Загребли, замели мальчишечку, мальчишку-несмышленыша; увидел нары жесткие, братву на них веселую… — пел, бывало, дядь Митрошка. Так оно и было. Как в песне. Попал к Хозяину за любовь. За сильную, за роковую. Вырос на Расхваталовке — кутку без фрайеров. А когда минуло восемнадцать, тут он и стыкнулся с Уголовным кодексом. Глубокой ночью шел от девушки Зины-Зинули, Зины-красотули, не раз предупреждали по-доброму: не ходи, парень, до Зины, не для тебя цветет та фиалка, лишь отмахивался: да идите вы… И вот возвращается как-то от Зины, а тут из переулка — трое, и набрасывают на Митрошку дождевик. Да только не на того напали. Руку в карман — там отвертка самодельная, из клапана — велосипед чинил… Раз!

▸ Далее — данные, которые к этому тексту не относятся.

Lemma dcoord_gen (g : V * W) :
  dcoord (tcls (@id (rmod_of V)) [:: (g.1, aone (dual R))],
          tcls (@id (rmod_of W)) [:: (g.2, aone (dual R))]) = ((g.1, 0), (g.2, 0)).
Proof. by rewrite /dcoord /= !dual_coord_pure. Qed.

Section HatDual.
Variable G : V * W -> Prop.
Local Notation hatD := (@hat R (rmod_of V) (rmod_of W) psi G (dual R)).
Local Notation hatD_avg := (@hat_avg R (rmod_of V) (rmod_of W) psi G (dual R)).

Lemma hatD_coord x y : hatD x -> dcoord x = dcoord y -> hatD y.
Proof. by move=> h /dcoord_inj <-. Qed.

Lemma hat_eps0 : hatD (dpoint 0 0 0 0).
Proof.
have [[h _ _] _ _] := hatD_avg.
by apply: hatD_coord h _; rewrite dcoord_gone dcoord_point.
Qed.

Lemma hat_epsD u v u' v' :
  hatD (dpoint 0 u 0 v) -> hatD (dpoint 0 u' 0 v') -> hatD (dpoint 0 (u + u') 0 (v + v')).
Proof.
move=> h h'; have [[_ hm _] _ _] := hatD_avg.
apply: hatD_coord (hm _ _ h h') _.
rewrite (dcoord_gmul (dcoord_point _ _ _ _) (dcoord_point _ _ _ _)) dcoord_point.
by rewrite !p0l !p0r !addr0.
Qed.

(* The witness is ((1 + k eps) .1 g) g^-1. *)
Lemma hat_eps_gen g (k : R) : G g ->
  hatD (dpoint 0 (k *: g.1) 0 (k *: (g.2 + g.2 - psi g.1 g.1))).
Proof.
move=> Gg; have hg := @hat_gen R (rmod_of V) (rmod_of W) psi G (dual R) _ Gg.
have [[_ hm hi] hs1 _] := hatD_avg.
apply: hatD_coord (hm _ _ (hs1 (1, k) _ hg) (hi _ hg)) _.
rewrite (dcoord_gmul (dcoord_scale1 _ (dcoord_gen g)) (dcoord_ginv (dcoord_gen g))) dcoord_point /=.
by rewrite ?(pDl, pZl, pNr, p0l, p0r, oppr0); congr pair; congr pair; module_ring.
Qed.

Lemma hat_eps_center b (k : R) : G (0, b) -> hatD (dpoint 0 0 0 (k *: b)).
Proof.
move=> Gb; have := @hat_gen R (rmod_of V) (rmod_of W) psi G (dual R) _ Gb.
have [_ _ hs2] := hatD_avg.
have -> : tcls (@id (rmod_of V)) [:: ((0, b).1, aone (dual R))] = rzero VD.
  by apply: dual_coord_inj; rewrite dual_coord_pure dual_coord0.
move=> /(hs2 (0, k)) /hatD_coord; apply.
by rewrite (dcoord_scale2 _ (dual_coord_pure _)) dcoord_point /= scale0r scaler0 add0r.
Qed.

End HatDual.

End DualGroup.

Section DualShape.
Variables (R : comPzRingType) (V W : lmodType R) (psi : V -> V -> W).
Hypothesis hpsi : bilinear_map psi.
Let p0r := psi0r hpsi. Let p0l := psi0l hpsi. Let pDr := psiDr hpsi. Let pDl := psiDl hpsi.
Let pZr := psiZr hpsi. Let pZl := psiZl hpsi. Let pNr := psiNr hpsi. Let pNl := psiNl hpsi.
Local Notation TV := (T (rmod_of V) (dual R)).
Local Notation TW := (T (rmod_of W) (dual R)).

Variable G : V * W -> Prop.
Hypothesis hG : almost_vector_group (V := rmod_of V) (W := rmod_of W) psi G.
Local Notation hatD := (@hat R (rmod_of V) (rmod_of W) psi G (dual R)).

Р-раз! — наугад. И не промахнулся. Одного убил сразу, в висок, другому в пах попал, на дороге корчился, а третий сбег…

На суде двое живых заявят в один голос, что никто Митрошку, дескать, не трогал, они ведь еще несовершеннолетние, малолетки, все до одного, и убитый тоже, по месяцу-по два до восемнадцати не хватало, и никто на Митрофана, на взрослого, не нападал, это все он сам — и угрожал, и напал с холодным оружием, изготовленным заранее из клапана закаленного, одного убил, а другого мучил, малолетнего, в пах раненного, собирался лишить мужского достоинства (так прямо было и заявлено на суде — буквально); судьи конечно же поверили им, их двое, малолетних, и не поверили Митрофану — один, да взрослый, да притом убийца, — и поехал он, проклиная судей и суровый их приговор: на пятнадцать — лагерей, десять — поселения, да пять — «поражения». Сорок седьмой — одно слово! Но в пятьдесят третьем Берия амнистией порадовал; ехал домой дядь Митрошка, клялся: сына Лавриком назовет.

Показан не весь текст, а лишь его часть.